I’ve got a relatively simple problem (I think) and I want to solve it in a fast and efficient way.
I want to count the number of different elements in a vector up to each point in this vector.
For example, in a vector like this
vec <- c("a", "b", "c", "a", "a", "c", "d", "a")
I want to get the following vector of equal size as a result:
[1 2 3 3 3 3 4 4]
I could solve this of course with a for loop in combination with cumsum():
vec <- c("a", "b", "c", "a", "a", "c", "d", "a")
res <- T
for (i in 2:length(vec)) {
res[i] <- !(vec[i] %in% vec[1:(i-1)])
}
cumsum(res)
[1] 1 2 3 3 3 3 4 4
However, I am dealing with vectors that have several million elements and a for-loop approach takes forever for such a relatively simple problem.
I have the intuition that this should be solvable much faster and more clever. Do you have any ideas? Thank you!
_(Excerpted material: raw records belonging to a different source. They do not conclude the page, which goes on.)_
(* Consider the $1$-median problem in $\mathbb{R}^1$ where object $i$ has its own maximum speed $v_i>0$. Let $v_M=\max_i v_i$ and $v_m=\min_i v_i$. There is an absolute constant $C$ such that on every instance $I$ with $n$ objects, the measure of the Round-robin strategy is at most $C\,\frac{v_M n}{v_m}\cdot\mathrm{OPT}(I)$.
   Context: Setting. There are $n\ge 2$ objects in $\mathbb{R}^d$; object $i$ follows a trajectory $p_i:[0,\infty)\to\mathbb{R}^d$ with $|p_i(t)-p_i(s)|\le v_i|t-s|$ for all $s,t$, where $v_i>0$ is a known speed bound for object $i$. The initial positions $p_i(0)$ are known. A query strategy queries one object at each time $t=1,2,3,\dots$; querying object $i$ at time $t$ reveals $p_i(t)$. For $t\ge 0$ let $\tau_i(t)$ be the last time $\le t$ at which object $i$ was queried (or $0$ if never). The uncertainty region of object $i$ at time $t$ is the closed ball $U_i(t)$ of radius $v_i(t-\tau_i(t))$ centered at $p_i(\tau_i(t))$. For a center function $f$ mapping an $n$-tuple of points to a point, the uncertainty region of the center at time $t$ is $\{f(q_1,\dots,q_n): q_i\in U_i(t)\}$. The size of a set is its diameter. The measure of a strategy on an instance is the supremum over $t\in\{1,2,\dots\}$ of the size of the center's uncertainty region at time $t$ (just after the query at time $t$). The optimal measure $\mathrm{OPT}(I)$ of an instance $I$ is the infimum of the measure over all query sequences, which may be chosen with full knowledge of the trajectories. The Round-robin strategy queries objects $1,2,\dots,n,1,2,\dots,n,\dots$ in a fixed cyclic order. Here $d=1$ and the center function is the $1$-median: for $x_1,\dots,x_n\in\mathbb{R}$ it is the $\lceil n/2\rceil$-th smallest of the $x_i$ if $n$ is odd, and the midpoint of the $(n/2)$-th and $(n/2+1)$-th smallest if $n$ is even. *)

From HB Require Import structures.
From mathcomp Require Import all_boot all_order all_algebra.
From mathcomp Require Import boolp classical_sets reals constructive_ereal ereal.
Set Implicit Arguments. Unset Strict Implicit. Unset Printing Implicit Defensive.
Import Order.TTheory GRing.Theory Num.Theory.
Local Open Scope ring_scope.
Local Open Scope classical_set_scope.
Theorem lemma3 (X : Type) (d d' : X -> X -> R)
  (Hd : is_metric d) (Hdlc : locally_compact d) (Hdgc : geodesically_complete d)
  (Hdcat : CAT0 d) (Hdconn : connected_at_infinity d)
  (Hd' : is_metric d') (Hd'lc : locally_compact d') (Hd'gc : geodesically_complete d')
  (Hd'cat : CAT0 d')
  (Hunit : forall x y, d x y <= 1 <-> d' x y <= 1)
  (a b : R -> X) (n : nat) (f : nat -> R -> X)
  (Ha : f 0%nat = a) (Hb : f n = b)
  (Hchain : asymptotic_chain d f n)
  (Himg : forall i, (i <= n)%nat ->
     exists g, complete_geodesic d' g /\ same_image (f i) g)
  (Hiso : forall t1 t2, d (a t1) (a t2) = d' (a t1) (a t2)) :
  forall t1 t2, d (b t1) (b t2) = d' (b t1) (b t2).
Proof.
  destruct Hchain as [Hgeod Hasym]. subst b.
  assert (Hall : forall i, (i <= n)%nat -> forall s t, d (f i s) (f i t) = d' (f i s) (f i t)).
  { induction i as [|i IH]; intros Hi.
    - rewrite Ha. exact Hiso.
    - specialize (Hasym (S i) ltac:(lia)). rewrite Nat.sub_1_r in Hasym. simpl in Hasym.
      exact (isometric_along_asymptotic_geodesic d d' (f i) (f (S i)) Hd Hd' Hdcat
        (proj1 Hd'cat) Hunit (Hgeod (S i) Hi) Hasym (Himg (S i) Hi) (IH ltac:(lia))). }
  apply Hall; lia.
Qed.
(In case you’re interested: I need this for a vocabulary growth curve analysis where we want to know at each point in the text how many different words, i.e. types, have been observed so far.)
>Solution :
Use cumsum on the non (!) duplicated values:
cumsum(!duplicated(vec))
#[1] 1 2 3 3 3 3 4 4
And another approach with match:
uni <- vector(length = length(vec))
uni[match(unique(vec), vec)] <- TRUE
cumsum(uni)